++++ Material to process ++++
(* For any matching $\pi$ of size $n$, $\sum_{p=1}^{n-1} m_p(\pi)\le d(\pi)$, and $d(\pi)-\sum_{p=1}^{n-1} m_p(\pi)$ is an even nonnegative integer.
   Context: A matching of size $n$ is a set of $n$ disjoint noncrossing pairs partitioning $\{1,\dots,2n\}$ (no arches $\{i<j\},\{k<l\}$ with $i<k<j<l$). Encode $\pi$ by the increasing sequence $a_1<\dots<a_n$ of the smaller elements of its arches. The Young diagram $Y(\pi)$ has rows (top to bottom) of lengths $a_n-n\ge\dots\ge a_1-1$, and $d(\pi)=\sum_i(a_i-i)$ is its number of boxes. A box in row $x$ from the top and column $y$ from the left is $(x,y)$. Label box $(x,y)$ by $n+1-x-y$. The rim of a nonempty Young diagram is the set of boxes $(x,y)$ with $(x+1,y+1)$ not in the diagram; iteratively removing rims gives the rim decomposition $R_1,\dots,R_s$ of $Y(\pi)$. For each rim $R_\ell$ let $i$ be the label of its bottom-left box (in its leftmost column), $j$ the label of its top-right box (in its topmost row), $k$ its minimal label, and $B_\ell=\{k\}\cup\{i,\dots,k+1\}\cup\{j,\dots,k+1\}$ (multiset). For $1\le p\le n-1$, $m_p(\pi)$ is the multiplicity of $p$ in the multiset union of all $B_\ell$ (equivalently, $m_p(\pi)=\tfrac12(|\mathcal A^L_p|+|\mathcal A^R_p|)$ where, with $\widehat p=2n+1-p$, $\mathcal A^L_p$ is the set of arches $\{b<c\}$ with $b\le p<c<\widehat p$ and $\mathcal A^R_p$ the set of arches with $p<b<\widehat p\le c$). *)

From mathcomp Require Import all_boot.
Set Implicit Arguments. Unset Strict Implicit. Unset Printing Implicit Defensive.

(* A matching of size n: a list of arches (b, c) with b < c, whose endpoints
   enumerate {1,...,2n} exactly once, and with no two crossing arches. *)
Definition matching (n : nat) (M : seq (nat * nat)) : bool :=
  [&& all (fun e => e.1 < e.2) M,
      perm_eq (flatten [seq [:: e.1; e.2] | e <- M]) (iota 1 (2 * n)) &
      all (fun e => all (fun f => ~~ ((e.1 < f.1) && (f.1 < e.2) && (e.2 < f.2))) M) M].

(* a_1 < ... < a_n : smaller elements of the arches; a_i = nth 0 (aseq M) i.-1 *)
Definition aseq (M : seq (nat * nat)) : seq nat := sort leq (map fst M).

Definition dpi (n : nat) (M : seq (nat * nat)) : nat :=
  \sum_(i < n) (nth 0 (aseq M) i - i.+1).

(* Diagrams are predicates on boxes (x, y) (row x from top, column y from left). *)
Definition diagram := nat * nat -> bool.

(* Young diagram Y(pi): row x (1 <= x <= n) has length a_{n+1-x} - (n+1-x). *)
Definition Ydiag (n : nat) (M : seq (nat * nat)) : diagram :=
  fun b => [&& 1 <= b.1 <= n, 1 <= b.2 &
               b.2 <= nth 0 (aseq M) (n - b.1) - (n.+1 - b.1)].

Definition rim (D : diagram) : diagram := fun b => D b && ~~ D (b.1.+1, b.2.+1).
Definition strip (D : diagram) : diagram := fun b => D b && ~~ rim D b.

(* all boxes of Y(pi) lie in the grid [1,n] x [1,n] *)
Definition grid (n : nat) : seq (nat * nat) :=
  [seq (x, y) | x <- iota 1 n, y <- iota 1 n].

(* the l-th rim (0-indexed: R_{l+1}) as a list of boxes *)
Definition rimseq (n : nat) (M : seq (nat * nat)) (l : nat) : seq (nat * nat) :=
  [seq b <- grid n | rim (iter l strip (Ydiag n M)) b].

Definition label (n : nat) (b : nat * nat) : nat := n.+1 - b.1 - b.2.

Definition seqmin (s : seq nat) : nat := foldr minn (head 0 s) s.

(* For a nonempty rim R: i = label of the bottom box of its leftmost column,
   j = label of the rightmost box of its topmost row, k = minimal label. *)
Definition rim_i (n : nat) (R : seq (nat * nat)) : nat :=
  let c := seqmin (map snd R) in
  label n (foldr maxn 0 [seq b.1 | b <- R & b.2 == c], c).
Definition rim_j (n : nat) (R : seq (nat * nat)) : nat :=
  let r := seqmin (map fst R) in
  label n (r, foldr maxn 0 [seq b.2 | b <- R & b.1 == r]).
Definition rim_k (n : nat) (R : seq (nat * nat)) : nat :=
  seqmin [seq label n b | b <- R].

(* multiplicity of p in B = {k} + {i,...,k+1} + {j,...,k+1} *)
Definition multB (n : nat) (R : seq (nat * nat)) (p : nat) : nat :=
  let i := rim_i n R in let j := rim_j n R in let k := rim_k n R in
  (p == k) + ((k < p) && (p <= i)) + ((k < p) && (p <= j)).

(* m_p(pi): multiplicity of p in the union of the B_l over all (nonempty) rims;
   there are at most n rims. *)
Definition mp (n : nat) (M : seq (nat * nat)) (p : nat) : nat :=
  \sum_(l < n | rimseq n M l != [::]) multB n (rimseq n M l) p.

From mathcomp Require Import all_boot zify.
++++
++++ Material to process ++++
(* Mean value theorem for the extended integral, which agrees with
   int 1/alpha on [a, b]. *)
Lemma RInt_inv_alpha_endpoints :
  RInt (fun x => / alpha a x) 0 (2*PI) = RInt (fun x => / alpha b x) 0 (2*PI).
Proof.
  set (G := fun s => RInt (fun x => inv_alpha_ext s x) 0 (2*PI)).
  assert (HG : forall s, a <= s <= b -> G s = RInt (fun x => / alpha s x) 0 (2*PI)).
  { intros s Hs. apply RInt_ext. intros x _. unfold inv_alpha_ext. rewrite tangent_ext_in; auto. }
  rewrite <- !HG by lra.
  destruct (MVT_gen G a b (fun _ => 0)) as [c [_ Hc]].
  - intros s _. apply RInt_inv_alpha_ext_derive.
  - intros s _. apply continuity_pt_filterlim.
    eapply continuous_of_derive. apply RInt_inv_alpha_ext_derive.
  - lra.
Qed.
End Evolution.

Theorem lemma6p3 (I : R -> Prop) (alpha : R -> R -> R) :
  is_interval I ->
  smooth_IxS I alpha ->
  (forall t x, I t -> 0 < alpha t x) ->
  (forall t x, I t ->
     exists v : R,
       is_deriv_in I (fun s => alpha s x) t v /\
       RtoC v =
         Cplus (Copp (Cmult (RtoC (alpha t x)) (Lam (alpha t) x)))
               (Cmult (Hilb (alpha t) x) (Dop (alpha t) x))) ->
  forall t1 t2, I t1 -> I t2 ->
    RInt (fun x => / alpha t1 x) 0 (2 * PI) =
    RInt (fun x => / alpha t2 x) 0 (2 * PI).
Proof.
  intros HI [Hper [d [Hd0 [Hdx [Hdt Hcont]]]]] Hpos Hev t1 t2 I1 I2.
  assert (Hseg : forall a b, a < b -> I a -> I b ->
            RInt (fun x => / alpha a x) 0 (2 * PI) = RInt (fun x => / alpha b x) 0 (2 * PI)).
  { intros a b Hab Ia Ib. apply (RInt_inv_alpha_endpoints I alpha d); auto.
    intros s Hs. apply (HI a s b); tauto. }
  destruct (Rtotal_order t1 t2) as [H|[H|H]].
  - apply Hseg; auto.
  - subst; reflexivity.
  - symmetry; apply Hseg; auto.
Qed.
++++
++++ Material to process ++++
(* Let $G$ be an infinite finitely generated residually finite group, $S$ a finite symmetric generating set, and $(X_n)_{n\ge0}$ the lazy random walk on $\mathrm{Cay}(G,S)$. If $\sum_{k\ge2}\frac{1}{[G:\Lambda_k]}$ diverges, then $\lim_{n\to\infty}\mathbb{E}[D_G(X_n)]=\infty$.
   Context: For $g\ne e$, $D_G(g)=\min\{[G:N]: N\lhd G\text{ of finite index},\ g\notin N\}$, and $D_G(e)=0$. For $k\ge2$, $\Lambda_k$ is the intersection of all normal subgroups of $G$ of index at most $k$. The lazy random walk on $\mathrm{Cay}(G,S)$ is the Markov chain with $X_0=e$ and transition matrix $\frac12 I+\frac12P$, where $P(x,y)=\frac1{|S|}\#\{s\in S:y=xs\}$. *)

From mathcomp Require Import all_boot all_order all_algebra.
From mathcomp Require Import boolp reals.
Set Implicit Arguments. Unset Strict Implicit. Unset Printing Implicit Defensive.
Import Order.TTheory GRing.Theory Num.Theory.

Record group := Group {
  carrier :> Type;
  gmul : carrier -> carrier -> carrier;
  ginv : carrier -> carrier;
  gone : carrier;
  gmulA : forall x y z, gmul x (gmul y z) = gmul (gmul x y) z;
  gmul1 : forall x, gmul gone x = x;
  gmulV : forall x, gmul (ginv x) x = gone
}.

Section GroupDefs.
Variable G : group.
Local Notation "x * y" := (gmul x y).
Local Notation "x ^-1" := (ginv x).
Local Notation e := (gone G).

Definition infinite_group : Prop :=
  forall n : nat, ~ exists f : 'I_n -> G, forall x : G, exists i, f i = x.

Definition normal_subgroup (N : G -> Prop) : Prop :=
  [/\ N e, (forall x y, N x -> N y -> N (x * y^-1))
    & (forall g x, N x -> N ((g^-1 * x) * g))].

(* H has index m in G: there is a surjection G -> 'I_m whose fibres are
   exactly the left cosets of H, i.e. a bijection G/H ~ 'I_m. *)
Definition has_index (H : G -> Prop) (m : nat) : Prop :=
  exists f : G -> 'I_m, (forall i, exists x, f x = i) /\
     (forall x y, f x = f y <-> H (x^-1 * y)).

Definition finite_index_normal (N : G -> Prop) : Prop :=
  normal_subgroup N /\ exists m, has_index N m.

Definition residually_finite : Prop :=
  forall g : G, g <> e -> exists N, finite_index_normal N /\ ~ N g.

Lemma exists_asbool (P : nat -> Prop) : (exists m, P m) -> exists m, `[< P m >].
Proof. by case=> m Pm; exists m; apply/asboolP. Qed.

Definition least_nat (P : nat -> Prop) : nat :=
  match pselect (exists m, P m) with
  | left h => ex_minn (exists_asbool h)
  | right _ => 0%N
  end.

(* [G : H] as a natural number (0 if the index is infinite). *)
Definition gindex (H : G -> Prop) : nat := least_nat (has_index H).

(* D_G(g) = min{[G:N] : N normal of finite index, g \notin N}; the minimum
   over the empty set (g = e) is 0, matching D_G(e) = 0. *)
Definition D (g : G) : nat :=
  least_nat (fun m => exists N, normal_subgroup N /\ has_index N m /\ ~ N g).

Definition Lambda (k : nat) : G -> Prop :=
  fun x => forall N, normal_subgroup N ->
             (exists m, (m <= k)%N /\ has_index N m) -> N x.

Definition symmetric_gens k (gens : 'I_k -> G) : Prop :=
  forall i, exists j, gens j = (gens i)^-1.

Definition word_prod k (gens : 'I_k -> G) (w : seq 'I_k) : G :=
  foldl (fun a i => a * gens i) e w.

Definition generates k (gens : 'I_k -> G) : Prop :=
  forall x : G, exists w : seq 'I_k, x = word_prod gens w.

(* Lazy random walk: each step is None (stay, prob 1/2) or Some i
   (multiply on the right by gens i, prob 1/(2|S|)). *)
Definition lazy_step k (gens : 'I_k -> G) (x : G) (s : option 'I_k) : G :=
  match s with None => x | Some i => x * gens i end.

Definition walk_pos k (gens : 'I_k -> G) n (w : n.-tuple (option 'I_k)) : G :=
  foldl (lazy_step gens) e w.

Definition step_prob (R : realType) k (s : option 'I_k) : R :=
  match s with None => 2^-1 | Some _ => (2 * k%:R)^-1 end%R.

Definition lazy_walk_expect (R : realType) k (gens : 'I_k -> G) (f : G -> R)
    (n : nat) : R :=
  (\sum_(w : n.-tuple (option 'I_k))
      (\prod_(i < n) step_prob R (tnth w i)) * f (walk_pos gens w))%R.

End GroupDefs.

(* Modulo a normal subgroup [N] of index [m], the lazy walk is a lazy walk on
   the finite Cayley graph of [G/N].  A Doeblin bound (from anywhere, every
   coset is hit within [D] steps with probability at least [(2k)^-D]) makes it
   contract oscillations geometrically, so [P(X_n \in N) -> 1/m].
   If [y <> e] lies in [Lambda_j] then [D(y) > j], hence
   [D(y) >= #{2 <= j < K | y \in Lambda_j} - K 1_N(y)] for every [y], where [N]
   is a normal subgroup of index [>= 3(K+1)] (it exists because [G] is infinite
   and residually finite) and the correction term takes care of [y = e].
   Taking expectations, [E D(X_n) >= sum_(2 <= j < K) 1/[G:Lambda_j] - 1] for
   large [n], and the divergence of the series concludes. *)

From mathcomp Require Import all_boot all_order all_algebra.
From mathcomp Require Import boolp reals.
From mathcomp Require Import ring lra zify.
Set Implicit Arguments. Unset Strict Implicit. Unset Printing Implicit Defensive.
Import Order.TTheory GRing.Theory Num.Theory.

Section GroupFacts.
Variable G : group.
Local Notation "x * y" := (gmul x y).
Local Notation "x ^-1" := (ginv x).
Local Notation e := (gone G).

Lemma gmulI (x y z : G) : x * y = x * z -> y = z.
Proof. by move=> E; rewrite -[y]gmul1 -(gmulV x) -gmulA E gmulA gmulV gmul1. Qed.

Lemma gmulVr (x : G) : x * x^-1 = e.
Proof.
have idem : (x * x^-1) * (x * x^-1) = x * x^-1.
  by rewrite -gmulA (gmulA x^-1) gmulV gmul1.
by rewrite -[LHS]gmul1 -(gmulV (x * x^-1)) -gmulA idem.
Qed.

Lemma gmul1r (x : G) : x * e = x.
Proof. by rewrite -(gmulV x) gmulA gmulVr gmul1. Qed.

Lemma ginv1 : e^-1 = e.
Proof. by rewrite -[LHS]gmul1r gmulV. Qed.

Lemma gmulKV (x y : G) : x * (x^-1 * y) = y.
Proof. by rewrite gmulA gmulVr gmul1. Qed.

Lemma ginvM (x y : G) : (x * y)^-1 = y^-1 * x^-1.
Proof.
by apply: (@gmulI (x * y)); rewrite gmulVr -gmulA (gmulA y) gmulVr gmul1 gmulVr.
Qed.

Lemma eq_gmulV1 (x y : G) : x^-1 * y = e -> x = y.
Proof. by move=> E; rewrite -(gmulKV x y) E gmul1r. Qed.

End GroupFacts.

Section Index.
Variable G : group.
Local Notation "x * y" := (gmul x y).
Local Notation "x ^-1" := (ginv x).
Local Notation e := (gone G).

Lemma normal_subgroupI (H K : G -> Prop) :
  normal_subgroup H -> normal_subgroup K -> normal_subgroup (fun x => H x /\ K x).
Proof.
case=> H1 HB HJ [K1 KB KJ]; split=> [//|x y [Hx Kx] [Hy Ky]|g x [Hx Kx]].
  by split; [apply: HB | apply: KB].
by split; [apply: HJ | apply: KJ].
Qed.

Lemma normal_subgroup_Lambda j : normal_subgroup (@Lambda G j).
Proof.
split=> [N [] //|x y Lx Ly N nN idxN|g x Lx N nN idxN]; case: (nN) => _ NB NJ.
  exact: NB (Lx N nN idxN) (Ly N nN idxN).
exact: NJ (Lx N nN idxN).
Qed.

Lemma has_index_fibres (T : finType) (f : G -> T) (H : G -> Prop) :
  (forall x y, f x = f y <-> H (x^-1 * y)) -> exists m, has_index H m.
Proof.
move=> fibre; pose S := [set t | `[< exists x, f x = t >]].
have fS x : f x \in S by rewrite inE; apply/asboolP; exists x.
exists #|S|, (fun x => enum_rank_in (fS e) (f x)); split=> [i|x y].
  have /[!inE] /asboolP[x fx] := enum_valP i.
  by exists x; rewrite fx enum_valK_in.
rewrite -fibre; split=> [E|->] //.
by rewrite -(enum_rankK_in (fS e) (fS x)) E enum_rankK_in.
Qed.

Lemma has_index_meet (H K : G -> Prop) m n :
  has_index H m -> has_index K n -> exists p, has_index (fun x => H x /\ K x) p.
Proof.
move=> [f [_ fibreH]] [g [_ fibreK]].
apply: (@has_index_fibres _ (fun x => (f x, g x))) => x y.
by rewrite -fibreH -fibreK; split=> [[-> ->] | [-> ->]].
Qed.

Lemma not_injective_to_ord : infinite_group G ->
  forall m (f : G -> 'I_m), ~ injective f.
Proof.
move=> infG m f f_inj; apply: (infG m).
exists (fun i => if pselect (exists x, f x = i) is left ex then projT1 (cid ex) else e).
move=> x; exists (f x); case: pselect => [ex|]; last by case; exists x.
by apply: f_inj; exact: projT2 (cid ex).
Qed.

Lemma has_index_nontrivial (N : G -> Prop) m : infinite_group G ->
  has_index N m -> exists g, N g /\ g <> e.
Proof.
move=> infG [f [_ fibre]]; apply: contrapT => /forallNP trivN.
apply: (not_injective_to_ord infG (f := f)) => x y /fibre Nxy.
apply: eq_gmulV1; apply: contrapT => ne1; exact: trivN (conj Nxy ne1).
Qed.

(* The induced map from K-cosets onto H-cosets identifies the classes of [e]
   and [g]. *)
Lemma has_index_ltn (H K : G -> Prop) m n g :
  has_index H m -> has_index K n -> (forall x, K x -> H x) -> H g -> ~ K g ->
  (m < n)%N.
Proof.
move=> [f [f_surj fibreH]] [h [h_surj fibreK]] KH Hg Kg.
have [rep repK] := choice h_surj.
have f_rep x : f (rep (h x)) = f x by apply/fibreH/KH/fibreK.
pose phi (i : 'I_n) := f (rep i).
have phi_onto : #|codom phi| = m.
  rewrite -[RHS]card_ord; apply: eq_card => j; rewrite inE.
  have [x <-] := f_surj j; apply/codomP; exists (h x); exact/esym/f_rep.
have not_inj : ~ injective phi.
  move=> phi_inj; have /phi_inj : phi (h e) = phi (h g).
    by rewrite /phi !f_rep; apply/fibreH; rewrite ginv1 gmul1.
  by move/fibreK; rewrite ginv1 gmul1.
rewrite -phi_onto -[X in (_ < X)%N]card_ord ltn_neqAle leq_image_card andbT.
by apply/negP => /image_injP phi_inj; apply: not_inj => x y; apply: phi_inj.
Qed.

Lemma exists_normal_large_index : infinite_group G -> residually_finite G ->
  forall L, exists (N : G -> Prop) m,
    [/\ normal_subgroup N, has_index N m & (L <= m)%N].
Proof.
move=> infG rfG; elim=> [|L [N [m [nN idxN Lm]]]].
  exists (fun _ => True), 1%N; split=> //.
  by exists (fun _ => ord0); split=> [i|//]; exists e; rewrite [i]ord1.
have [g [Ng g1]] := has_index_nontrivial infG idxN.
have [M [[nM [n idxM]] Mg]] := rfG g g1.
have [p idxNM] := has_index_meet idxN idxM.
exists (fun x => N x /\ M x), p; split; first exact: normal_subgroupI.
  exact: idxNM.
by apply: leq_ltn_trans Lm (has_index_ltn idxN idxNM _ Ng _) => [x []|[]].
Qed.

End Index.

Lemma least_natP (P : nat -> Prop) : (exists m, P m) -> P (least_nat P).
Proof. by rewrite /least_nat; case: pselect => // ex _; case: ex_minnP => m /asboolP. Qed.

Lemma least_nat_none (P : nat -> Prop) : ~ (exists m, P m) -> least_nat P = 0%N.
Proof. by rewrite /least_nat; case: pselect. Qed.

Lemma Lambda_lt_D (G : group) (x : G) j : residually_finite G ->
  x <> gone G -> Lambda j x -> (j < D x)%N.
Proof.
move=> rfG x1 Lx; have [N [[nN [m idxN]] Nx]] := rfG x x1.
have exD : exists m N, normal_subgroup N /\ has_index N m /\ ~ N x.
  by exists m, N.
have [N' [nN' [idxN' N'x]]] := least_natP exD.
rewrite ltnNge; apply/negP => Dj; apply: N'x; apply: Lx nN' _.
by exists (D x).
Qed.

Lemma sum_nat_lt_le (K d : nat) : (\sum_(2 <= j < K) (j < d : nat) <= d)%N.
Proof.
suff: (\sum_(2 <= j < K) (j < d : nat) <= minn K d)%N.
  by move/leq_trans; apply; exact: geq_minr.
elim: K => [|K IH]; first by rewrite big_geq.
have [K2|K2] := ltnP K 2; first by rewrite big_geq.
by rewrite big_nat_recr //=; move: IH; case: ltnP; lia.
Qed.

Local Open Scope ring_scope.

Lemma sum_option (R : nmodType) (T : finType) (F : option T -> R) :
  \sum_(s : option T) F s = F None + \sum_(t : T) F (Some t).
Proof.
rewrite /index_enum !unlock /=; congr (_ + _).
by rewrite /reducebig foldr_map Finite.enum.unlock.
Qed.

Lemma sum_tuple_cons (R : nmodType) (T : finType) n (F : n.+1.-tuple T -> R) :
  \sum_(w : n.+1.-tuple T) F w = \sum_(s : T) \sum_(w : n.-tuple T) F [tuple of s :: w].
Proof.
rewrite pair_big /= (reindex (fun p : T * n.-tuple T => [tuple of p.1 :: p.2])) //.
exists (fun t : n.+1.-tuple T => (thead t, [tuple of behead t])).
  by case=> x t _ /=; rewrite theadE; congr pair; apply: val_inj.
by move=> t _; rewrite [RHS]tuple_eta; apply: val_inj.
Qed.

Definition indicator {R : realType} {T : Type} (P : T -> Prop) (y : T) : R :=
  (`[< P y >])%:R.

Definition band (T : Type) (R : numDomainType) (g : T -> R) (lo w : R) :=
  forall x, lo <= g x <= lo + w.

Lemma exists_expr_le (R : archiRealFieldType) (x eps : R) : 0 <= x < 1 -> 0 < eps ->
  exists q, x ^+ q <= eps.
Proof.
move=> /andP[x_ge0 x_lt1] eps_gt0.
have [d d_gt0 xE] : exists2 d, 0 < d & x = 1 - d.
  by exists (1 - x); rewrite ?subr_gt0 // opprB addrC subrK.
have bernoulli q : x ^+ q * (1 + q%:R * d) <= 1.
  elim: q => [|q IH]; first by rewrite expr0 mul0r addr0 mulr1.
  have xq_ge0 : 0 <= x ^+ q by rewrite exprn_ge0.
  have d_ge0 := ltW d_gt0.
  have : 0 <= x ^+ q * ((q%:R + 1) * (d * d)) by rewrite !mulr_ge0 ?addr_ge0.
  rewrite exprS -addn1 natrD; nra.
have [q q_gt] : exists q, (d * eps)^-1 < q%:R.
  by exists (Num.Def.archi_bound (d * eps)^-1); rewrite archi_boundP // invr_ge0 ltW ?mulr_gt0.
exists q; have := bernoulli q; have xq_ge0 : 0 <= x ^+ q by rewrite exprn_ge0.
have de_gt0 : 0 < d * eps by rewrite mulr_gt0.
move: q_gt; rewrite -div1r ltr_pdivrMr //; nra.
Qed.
++++
Exercise directions → Wherever "contrapT" occurs in the records above, copy the line it sits in.

Finished task →
move=> infG [f [_ fibre]]; apply: contrapT => /forallNP trivN.
apply: eq_gmulV1; apply: contrapT => ne1; exact: trivN (conj Nxy ne1).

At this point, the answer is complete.